# Material for this exercise
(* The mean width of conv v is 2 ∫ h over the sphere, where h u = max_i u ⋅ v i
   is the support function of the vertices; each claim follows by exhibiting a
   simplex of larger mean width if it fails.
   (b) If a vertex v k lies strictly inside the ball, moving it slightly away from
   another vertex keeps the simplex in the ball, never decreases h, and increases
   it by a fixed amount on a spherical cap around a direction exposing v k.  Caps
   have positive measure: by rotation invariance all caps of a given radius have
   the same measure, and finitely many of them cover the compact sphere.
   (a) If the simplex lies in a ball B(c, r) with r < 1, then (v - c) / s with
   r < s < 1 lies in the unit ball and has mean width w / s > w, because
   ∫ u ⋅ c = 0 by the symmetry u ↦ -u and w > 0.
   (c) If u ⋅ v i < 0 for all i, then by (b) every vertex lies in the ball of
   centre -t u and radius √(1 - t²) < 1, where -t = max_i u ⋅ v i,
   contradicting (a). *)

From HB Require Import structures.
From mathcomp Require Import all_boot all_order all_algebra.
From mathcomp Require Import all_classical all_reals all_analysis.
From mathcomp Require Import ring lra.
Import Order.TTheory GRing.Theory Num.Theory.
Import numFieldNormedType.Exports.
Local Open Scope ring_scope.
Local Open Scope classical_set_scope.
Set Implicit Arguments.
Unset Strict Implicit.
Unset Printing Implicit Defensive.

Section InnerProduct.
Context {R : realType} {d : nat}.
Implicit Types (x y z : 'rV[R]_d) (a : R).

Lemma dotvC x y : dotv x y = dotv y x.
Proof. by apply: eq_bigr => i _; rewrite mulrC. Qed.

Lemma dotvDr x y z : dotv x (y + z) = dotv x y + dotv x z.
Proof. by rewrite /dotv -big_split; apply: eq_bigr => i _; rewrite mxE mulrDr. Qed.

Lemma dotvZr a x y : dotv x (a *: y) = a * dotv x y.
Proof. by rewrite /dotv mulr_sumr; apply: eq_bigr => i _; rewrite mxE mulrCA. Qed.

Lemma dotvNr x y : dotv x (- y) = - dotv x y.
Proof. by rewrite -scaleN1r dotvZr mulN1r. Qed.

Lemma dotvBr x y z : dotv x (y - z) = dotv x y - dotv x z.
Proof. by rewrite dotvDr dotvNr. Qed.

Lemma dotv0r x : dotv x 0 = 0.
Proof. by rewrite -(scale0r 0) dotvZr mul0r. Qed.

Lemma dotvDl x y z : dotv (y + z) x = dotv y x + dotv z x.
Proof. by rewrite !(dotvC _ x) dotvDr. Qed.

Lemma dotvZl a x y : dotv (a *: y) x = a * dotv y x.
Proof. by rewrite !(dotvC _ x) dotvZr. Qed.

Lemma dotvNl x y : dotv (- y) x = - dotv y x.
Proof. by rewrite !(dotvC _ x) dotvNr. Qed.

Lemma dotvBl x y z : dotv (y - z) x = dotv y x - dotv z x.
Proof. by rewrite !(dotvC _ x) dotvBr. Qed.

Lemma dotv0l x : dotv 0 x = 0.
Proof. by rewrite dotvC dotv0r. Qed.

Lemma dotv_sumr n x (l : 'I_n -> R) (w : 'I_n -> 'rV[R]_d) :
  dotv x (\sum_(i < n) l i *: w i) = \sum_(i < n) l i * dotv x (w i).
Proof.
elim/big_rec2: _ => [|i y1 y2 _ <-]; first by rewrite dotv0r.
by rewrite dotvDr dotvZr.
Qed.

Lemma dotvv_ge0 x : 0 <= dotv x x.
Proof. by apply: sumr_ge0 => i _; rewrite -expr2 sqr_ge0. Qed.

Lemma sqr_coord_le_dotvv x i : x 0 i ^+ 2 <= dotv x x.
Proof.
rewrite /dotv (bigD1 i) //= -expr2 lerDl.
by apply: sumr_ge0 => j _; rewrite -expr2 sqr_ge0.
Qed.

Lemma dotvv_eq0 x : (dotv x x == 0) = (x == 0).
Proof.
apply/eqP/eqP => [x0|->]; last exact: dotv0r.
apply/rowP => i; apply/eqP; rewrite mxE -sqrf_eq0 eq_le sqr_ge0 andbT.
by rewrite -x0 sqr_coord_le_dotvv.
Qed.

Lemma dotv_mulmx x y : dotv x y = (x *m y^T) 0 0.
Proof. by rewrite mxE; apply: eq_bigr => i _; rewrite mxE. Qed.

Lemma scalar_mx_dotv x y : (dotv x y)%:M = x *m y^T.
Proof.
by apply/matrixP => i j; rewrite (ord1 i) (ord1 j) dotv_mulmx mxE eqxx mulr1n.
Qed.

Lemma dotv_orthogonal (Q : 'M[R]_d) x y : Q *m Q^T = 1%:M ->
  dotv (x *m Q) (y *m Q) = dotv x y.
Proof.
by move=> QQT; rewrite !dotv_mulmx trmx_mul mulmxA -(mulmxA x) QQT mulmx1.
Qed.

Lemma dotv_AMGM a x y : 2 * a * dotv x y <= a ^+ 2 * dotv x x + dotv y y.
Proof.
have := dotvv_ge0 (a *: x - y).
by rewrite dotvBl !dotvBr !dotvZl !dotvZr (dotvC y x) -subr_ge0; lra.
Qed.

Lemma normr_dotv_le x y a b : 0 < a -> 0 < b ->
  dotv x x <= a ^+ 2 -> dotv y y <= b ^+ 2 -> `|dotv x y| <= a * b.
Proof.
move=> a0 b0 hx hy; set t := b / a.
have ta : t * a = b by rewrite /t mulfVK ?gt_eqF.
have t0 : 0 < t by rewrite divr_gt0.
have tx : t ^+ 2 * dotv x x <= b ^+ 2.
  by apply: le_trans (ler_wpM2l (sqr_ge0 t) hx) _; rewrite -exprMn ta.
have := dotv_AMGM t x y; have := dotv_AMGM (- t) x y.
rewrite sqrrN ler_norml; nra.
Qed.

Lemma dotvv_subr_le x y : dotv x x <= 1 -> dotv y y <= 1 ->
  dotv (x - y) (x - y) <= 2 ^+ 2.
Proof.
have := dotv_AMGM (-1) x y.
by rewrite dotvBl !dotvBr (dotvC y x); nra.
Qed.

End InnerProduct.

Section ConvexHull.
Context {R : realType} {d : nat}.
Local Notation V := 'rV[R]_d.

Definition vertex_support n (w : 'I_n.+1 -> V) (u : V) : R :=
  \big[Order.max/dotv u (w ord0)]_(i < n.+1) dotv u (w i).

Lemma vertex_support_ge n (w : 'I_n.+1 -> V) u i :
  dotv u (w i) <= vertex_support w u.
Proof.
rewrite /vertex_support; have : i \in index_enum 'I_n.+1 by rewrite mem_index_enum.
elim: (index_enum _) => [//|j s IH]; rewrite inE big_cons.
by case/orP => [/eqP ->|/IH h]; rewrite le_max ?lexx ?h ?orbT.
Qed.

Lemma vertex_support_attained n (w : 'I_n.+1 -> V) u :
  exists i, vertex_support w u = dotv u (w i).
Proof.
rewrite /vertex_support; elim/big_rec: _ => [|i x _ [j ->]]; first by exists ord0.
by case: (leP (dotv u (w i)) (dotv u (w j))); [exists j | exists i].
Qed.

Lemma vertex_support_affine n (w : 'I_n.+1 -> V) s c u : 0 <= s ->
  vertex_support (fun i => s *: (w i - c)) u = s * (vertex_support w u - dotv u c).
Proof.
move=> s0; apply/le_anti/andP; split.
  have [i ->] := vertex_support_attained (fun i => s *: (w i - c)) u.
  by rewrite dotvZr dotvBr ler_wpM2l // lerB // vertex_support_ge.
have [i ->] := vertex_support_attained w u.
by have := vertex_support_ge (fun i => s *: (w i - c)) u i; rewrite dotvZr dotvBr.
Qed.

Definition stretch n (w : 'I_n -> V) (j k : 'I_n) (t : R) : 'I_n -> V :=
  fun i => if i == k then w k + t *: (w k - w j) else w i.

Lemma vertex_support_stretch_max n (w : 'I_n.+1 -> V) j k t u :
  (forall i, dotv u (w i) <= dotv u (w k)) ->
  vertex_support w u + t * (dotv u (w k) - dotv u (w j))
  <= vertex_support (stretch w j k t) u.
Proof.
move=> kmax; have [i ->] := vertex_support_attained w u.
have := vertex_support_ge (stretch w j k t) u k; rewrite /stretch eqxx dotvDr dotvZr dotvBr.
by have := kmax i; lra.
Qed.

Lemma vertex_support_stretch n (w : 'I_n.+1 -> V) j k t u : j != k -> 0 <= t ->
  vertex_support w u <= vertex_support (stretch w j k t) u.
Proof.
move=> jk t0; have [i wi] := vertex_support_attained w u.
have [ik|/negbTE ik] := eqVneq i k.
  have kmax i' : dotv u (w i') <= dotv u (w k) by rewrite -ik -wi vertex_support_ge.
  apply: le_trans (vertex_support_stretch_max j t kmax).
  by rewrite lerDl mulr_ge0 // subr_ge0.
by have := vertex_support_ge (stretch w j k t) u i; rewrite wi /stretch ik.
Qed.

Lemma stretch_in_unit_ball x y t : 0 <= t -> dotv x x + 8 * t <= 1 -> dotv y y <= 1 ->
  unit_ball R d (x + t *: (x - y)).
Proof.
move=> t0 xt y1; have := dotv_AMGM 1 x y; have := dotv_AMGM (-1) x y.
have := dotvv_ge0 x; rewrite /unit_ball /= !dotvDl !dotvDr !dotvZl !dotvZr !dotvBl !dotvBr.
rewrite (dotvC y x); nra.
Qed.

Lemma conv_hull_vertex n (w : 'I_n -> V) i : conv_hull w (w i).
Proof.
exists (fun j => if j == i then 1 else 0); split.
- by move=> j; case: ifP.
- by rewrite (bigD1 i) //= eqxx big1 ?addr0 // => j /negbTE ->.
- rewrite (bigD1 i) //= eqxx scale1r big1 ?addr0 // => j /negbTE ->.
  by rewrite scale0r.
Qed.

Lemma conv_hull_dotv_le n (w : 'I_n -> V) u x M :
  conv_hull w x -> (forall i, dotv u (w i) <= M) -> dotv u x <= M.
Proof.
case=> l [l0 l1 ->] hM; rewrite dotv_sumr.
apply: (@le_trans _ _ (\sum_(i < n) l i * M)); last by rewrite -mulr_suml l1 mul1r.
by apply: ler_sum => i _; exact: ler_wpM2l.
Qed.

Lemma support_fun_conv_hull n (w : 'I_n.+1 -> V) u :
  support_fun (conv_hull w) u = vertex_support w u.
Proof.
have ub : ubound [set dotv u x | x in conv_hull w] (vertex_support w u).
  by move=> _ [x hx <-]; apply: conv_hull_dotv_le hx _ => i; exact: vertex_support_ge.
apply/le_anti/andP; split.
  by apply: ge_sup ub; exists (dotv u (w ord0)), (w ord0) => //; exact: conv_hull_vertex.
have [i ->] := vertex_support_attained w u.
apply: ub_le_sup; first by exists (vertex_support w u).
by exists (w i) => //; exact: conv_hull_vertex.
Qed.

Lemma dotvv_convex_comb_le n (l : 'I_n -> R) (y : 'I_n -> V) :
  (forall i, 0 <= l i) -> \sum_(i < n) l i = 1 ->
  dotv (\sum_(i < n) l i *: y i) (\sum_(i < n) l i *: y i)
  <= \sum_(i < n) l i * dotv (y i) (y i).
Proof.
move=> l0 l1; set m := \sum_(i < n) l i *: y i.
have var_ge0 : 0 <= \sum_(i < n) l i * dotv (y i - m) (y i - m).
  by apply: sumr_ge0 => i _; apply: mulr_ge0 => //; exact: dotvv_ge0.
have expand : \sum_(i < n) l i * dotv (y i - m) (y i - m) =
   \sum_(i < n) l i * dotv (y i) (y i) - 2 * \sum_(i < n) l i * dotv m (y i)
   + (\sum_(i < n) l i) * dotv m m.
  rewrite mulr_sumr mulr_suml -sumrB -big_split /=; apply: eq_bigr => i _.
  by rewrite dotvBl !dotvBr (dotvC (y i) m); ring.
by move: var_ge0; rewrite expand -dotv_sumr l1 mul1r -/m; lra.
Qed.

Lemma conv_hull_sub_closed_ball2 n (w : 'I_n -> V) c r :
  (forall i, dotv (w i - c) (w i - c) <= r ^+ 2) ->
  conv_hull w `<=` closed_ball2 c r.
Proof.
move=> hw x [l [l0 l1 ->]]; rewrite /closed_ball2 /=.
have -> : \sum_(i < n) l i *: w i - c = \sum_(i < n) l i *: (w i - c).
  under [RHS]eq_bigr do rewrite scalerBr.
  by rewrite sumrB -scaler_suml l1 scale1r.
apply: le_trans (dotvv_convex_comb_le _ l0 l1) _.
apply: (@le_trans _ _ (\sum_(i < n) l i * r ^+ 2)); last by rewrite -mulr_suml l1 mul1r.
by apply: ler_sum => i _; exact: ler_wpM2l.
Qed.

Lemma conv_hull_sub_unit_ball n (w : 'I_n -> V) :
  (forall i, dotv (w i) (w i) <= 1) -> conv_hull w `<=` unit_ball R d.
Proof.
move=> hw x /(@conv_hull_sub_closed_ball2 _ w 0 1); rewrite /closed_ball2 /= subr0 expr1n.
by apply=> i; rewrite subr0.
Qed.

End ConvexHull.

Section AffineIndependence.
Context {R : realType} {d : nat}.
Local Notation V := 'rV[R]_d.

# Task directions
A single number is the whole answer: please count how many lines of the records above include the string "dotvDl".

# Result
2